From the listing below, copy only the lines from the line that contains "have UkO : Uk" to the line that contains "is_topology O ->", counting those two lines as part of the copy.

———

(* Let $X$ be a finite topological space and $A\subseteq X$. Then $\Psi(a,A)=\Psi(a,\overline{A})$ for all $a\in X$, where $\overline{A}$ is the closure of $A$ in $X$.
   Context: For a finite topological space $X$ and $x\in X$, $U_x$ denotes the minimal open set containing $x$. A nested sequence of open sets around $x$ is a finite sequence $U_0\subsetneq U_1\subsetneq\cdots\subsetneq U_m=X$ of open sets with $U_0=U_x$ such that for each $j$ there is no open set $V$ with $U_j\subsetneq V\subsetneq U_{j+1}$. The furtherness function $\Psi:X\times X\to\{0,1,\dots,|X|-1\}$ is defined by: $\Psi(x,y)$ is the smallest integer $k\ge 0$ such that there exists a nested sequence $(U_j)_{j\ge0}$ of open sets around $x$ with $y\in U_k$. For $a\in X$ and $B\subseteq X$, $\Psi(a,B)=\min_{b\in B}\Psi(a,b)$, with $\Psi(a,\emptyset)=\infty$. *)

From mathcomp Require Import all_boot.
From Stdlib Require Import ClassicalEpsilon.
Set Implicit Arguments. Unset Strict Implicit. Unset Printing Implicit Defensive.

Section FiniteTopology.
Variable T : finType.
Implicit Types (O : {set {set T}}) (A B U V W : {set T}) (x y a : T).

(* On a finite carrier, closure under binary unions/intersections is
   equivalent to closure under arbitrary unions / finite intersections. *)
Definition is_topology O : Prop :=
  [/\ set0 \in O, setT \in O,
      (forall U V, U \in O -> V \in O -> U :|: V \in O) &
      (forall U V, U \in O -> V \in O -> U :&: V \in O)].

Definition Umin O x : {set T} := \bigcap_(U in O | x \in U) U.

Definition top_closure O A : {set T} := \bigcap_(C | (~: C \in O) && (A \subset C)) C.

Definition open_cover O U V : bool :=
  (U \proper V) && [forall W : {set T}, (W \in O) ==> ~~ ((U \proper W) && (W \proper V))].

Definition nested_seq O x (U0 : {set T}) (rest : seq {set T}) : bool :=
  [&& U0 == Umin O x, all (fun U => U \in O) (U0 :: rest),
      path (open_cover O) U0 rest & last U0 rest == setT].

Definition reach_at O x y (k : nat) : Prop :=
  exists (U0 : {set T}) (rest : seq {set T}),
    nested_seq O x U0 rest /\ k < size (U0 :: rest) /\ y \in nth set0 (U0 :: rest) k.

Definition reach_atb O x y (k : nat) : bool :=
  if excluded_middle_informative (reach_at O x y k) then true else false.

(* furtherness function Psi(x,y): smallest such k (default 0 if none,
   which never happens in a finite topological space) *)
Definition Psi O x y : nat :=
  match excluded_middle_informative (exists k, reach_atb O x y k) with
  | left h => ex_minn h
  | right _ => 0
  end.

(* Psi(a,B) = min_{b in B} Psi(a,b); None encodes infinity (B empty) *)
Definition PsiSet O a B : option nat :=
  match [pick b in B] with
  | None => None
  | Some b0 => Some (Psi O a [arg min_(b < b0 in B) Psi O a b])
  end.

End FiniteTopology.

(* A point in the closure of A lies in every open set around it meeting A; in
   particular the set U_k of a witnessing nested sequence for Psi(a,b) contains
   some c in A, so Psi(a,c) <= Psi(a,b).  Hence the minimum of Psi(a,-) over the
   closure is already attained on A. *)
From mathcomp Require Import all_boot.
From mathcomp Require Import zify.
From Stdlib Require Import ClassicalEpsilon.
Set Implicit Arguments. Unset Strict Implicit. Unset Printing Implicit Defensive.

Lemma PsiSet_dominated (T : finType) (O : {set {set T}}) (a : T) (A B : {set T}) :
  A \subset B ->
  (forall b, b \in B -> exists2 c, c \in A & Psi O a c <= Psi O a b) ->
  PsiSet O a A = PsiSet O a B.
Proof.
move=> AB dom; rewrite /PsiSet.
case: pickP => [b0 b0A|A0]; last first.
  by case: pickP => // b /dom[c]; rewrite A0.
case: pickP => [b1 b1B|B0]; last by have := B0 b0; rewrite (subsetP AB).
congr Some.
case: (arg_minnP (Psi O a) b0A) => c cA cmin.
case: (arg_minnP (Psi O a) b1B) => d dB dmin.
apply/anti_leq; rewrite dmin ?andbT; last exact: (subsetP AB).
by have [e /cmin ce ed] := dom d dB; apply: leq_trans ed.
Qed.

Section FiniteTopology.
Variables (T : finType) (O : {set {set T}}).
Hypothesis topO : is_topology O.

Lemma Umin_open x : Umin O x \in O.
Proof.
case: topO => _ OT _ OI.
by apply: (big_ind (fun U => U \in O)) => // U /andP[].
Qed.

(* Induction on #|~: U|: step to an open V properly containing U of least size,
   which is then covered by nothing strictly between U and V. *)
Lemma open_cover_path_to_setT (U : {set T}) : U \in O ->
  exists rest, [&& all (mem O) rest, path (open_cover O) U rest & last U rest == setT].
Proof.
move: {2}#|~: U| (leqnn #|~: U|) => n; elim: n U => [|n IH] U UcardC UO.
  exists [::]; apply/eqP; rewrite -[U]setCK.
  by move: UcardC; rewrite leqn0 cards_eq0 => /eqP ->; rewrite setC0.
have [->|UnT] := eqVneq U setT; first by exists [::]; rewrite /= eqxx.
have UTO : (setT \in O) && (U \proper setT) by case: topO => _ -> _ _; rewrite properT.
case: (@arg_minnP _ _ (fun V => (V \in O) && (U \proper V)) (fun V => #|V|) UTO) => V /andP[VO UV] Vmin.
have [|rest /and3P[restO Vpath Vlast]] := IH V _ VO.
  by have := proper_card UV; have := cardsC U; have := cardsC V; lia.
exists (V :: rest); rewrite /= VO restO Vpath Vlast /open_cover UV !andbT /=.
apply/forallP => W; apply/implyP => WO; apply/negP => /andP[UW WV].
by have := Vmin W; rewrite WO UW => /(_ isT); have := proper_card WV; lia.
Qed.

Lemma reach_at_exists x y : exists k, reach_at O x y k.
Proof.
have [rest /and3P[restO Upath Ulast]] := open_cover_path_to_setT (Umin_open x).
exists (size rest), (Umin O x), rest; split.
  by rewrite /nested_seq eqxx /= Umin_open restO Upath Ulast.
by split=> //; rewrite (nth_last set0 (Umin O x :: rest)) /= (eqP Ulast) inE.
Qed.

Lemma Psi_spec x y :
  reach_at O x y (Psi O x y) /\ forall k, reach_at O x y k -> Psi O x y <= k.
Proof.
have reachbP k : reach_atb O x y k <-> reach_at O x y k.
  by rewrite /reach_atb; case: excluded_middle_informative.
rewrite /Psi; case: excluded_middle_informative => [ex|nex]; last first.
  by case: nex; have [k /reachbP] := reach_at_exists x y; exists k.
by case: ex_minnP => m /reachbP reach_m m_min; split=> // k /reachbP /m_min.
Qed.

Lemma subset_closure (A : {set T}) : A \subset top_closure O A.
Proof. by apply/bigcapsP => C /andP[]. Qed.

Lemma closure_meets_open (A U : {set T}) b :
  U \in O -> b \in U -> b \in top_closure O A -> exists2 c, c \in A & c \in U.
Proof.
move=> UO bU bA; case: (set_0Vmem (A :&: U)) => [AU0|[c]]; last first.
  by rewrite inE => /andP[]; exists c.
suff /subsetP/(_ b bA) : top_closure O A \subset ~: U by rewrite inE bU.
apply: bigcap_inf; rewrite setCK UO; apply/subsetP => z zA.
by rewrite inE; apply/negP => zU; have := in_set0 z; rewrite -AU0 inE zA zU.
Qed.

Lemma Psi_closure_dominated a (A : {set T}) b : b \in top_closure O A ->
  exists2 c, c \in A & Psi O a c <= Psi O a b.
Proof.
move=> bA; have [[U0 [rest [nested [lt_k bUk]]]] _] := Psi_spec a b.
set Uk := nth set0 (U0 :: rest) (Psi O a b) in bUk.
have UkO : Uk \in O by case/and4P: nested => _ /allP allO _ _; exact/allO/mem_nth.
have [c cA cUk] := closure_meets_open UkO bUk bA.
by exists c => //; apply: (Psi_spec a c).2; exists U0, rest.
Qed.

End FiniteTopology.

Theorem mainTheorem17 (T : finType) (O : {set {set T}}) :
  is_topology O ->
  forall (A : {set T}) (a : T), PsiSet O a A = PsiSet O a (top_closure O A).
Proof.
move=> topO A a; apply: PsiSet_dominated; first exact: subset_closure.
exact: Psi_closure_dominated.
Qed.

———

* [RESULT OF THIS EXERCISE]
have UkO : Uk \in O by case/and4P: nested => _ /allP allO _ _; exact/allO/mem_nth.
have [c cA cUk] := closure_meets_open UkO bUk bA.
by exists c => //; apply: (Psi_spec a c).2; exists U0, rest.
Qed.

End FiniteTopology.

Theorem mainTheorem17 (T : finType) (O : {set {set T}}) :
  is_topology O ->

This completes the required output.